Survival rates, cause of death and tumor latency
In the 0, 50 and 200 p.p.m.-treated groups, the final survival rates were 69.0, 73.8 and 86.7%, respectively; average survival times were 99, 102 and 103 weeks respectively (Table I). There were no differences in survival curves among the groups. The numbers of unscheduled necropsies and autopsies were 13, 11 and six in the 0, 50 and 200 p.p.m. groups, respectively. Most unscheduled necropsies and autopsies occurred after 80 weeks. In the 0 and 50 p.p.m. TMAO-treated groups, a single rat died from unknown causes at the 92nd and the 77th week, respectively. Generally, the main reason for death was tumor formation in all groups. There was no difference of tumor latency among the 0, 50 and 200 p.p.m.
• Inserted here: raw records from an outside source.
(* Fix $1\le r\le n$. Let $A\in ARI$ be a polynomial-valued mould concentrated in depth $r$, with $A^r$ homogeneous of degree $n-r$, such that $A$ is alternal, push-invariant, and $swap(A)$ is circ-neutral. Let $B=swap(A)$ and assume that $B(v_1,\dots,v_r)=(-1)^{r-1}B(v_r,\dots,v_1)$. Then if $n-r$ is odd, $A=0$.
   Context: $ARI$ is the space of moulds $A=(A^r)_{r\ge0}$ with $A^r\in\mathbb{Q}(u_1,\dots,u_r)$, $A^0=0$. $swap(A)(v_1,\dots,v_r)=A(v_r,v_{r-1}-v_r,\dots,v_1-v_2)$. $A$ is alternal if for every $r\ge2$ and $1\le i\le[r/2]$ the sum of $A^r$ over all shuffles of $(u_1,\dots,u_i)$ with $(u_{i+1},\dots,u_r)$ vanishes. $A$ is push-invariant if $A(u_0,u_1,\dots,u_{r-1})=A(u_1,\dots,u_r)$ with $u_0=-u_1-\dots-u_r$. A mould $B$ in variables $v_i$ is circ-neutral if $\sum_{i=0}^{r-1}B(v_{i+1},\dots,v_r,v_1,\dots,v_i)=0$ for $r>1$. *)

From mathcomp Require Import all_boot all_order all_algebra all_fingroup.
From mathcomp Require Import mpoly.
Set Implicit Arguments. Unset Strict Implicit. Unset Printing Implicit Defensive.
Import GRing.Theory.
Local Open Scope ring_scope.

(* A mould concentrated in depth r is represented by its depth-r component
   A^r, a polynomial in Q[u_1,...,u_r] = {mpoly rat[r]} (variable u_{k+1}
   is 'X_k, k : 'I_r).  Mould identities are stated pointwise, evaluating
   at all points of Q^r (equivalent to polynomial identities since Q is
   infinite). *)

Section Moulds.
Variable r : nat.
Implicit Types (A : {mpoly rat[r]}) (v : 'I_r -> rat).

Definition ext v (k : nat) : rat :=
  if insub k is Some i then v i else 0.

Definition vec (f : nat -> rat) : 'I_r -> rat := fun j => f (nat_of_ord j).

(* swap: (v_1,...,v_r) |-> (v_r, v_{r-1}-v_r, ..., v_1-v_2), 0-based *)
Definition swap_vec v : 'I_r -> rat :=
  vec (fun j => if j == 0%N then ext v (r - 1) else ext v (r - 1 - j) - ext v (r - j)).

Definition swapA A v : rat := A.@[swap_vec v].

(* (u_1,...,u_r) |-> (u_0,u_1,...,u_{r-1}), u_0 = -(u_1+...+u_r) *)
Definition push_vec v : 'I_r -> rat :=
  vec (fun j => if j == 0%N then - \sum_(k < r) v k else ext v (j - 1)).

Definition push_invariant A : Prop := forall v, A.@[push_vec v] = A.@[v].

Definition rot_vec (i : nat) v : 'I_r -> rat := vec (fun j => ext v ((j + i) %% r)).

Definition rev_vec v : 'I_r -> rat := vec (fun j => ext v (r - 1 - j)).

(* swap(A) circ-neutral (only depth r is nonzero) *)
Definition swap_circ_neutral A : Prop :=
  (1 < r)%N -> forall v, \sum_(i < r) swapA A (rot_vec i v) = 0.

(* s : 'S_r encodes the word (u_{s 0}, ..., u_{s (r-1)}); it is a shuffle of
   (u_1..u_i) with (u_{i+1}..u_r) iff the positions s^-1 of the letters of
   each block are increasing. *)
Definition is_shuffle (i : nat) (s : 'S_r) : bool :=
  [forall a : 'I_r, forall b : 'I_r,
     ((a < b)%N && ((b < i)%N || (i <= a)%N)) ==> ((s^-1)%g a < (s^-1)%g b)%N].

Definition alternal A : Prop :=
  (2 <= r)%N -> forall i : nat, (1 <= i)%N -> (i <= r./2)%N ->
    forall u : 'I_r -> rat,
      \sum_(s : 'S_r | is_shuffle i s) A.@[fun k => u (s k)] = 0.

End Moulds.

From mathcomp Require Import all_boot all_order all_algebra all_fingroup.
From mathcomp Require Import mpoly.
From mathcomp Require Import zify.
Set Implicit Arguments. Unset Strict Implicit. Unset Printing Implicit Defensive.
Import GRing.Theory Num.Theory.
Local Open Scope ring_scope.

(* Alternality gives the antipode identity A(u_r, ..., u_1) = (-1)^(r-1) A(u_1, ..., u_r).
   Indeed, consider the alternating sum over i of the sums of A over the words
   (u_i, ..., u_1) ш (u_(i+1), ..., u_r): a word occurs in such a reverse shuffle for two
   consecutive values of i or for none, so the sum telescopes to 0, while for 0 < i < r the
   reverse shuffles are shuffles after relabelling the variables, so their sums vanish.
   On the other hand swap(rev v) = push(-rev(swap v)); since A is push-invariant and odd
   (homogeneous of odd degree), the antipode identity yields B(rev v) = -(-1)^(r-1) B(v) for
   B = swap(A). With the hypothesis B(v) = (-1)^(r-1) B(rev v) this forces B = 0, and as
   swap is onto, A vanishes on Q^r, hence A = 0. *)

Section VanishingPolynomials.
Variable R : numDomainType.

Lemma poly_eq0_of_horner (q : {poly R}) : (forall t, q.[t] = 0) -> q = 0.
Proof.
move=> q0; apply: (@roots_geq_poly_eq0 _ q [seq i%:R | i <- iota 0 (size q)]).
- by apply/allP => x _; apply/rootP.
- by rewrite map_inj_uniq ?iota_uniq // => a b /eqP; rewrite eqr_nat => /eqP.
- by rewrite size_map size_iota.
Qed.

Variable n : nat.
Implicit Types (p : {mpoly R[n.+1]}) (m : 'X_{1..n.+1}).
Local Notation widen := (widen_ord (leqnSn n)).

Lemma meval_muni p (v : 'I_n.+1 -> R) :
  p.@[v] = (map_poly (meval (v \o widen)) (muni p)).[v ord_max].
Proof.
rewrite muniE mevalE raddf_sum /= horner_sum; apply: eq_bigr => m _.
rewrite -!mul_polyC rmorphM /= !map_polyC /= map_polyXn !hornerE /= mevalZ mevalX.
by rewrite big_ord_recr /= mulrA; congr (_ * _ * _); apply: eq_bigr => i _; rewrite mnmE.
Qed.

Lemma mcoeff_muni p m :
  ((muni p)`_(m ord_max))@_[multinom m (widen i) | i < n] = p@_m.
Proof.
have split_mnm m' : ([multinom m' (widen i) | i < n] == [multinom m (widen i) | i < n])
    && (m' ord_max == m ord_max) = (m' == m).
  apply/andP/eqP => [[/eqP/mnmP E /eqP Emax]|-> //].
  apply/mnmP => i; case: (unliftP ord_max i) => [j ->|-> //].
  have -> : lift ord_max j = widen j by apply: val_inj; rewrite /= /bump leqNgt ltn_ord.
  by have := E j; rewrite !mnmE.
rewrite muniE coef_sum raddf_sum [in RHS](mpolyE p) raddf_sum /=; apply: eq_bigr => m' _.
rewrite -[_ *: 'X^_]mul_polyC coefCM coefXn mulr_natr mcoeffMn !mcoeffZ !mcoeffX.
rewrite -split_mnm [m ord_max == _]eq_sym.
by case: eqP => _; case: eqP => _; rewrite ?mulr0n ?mulr1n ?mulr0.
Qed.
End VanishingPolynomials.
TMAO-treated groups. The lesions were those usually developing in aged male Fischer rats (30). In the 42nd week, the first tumor was found in the 0 p.p.m. TMAO group. From the 42nd week to the 84th week, the incidence increased slowly and thereafter dramatically in all groups, with no significant differences.

Histopathology
The histological types, sites and incidences of primary tumors of each group are summarized in Table II. The first unscheduled necropsy was performed at the 42nd week and a subcutis fibroma was found. All rats that survived beyond the 42-week time point were therefore included in the effective numbers.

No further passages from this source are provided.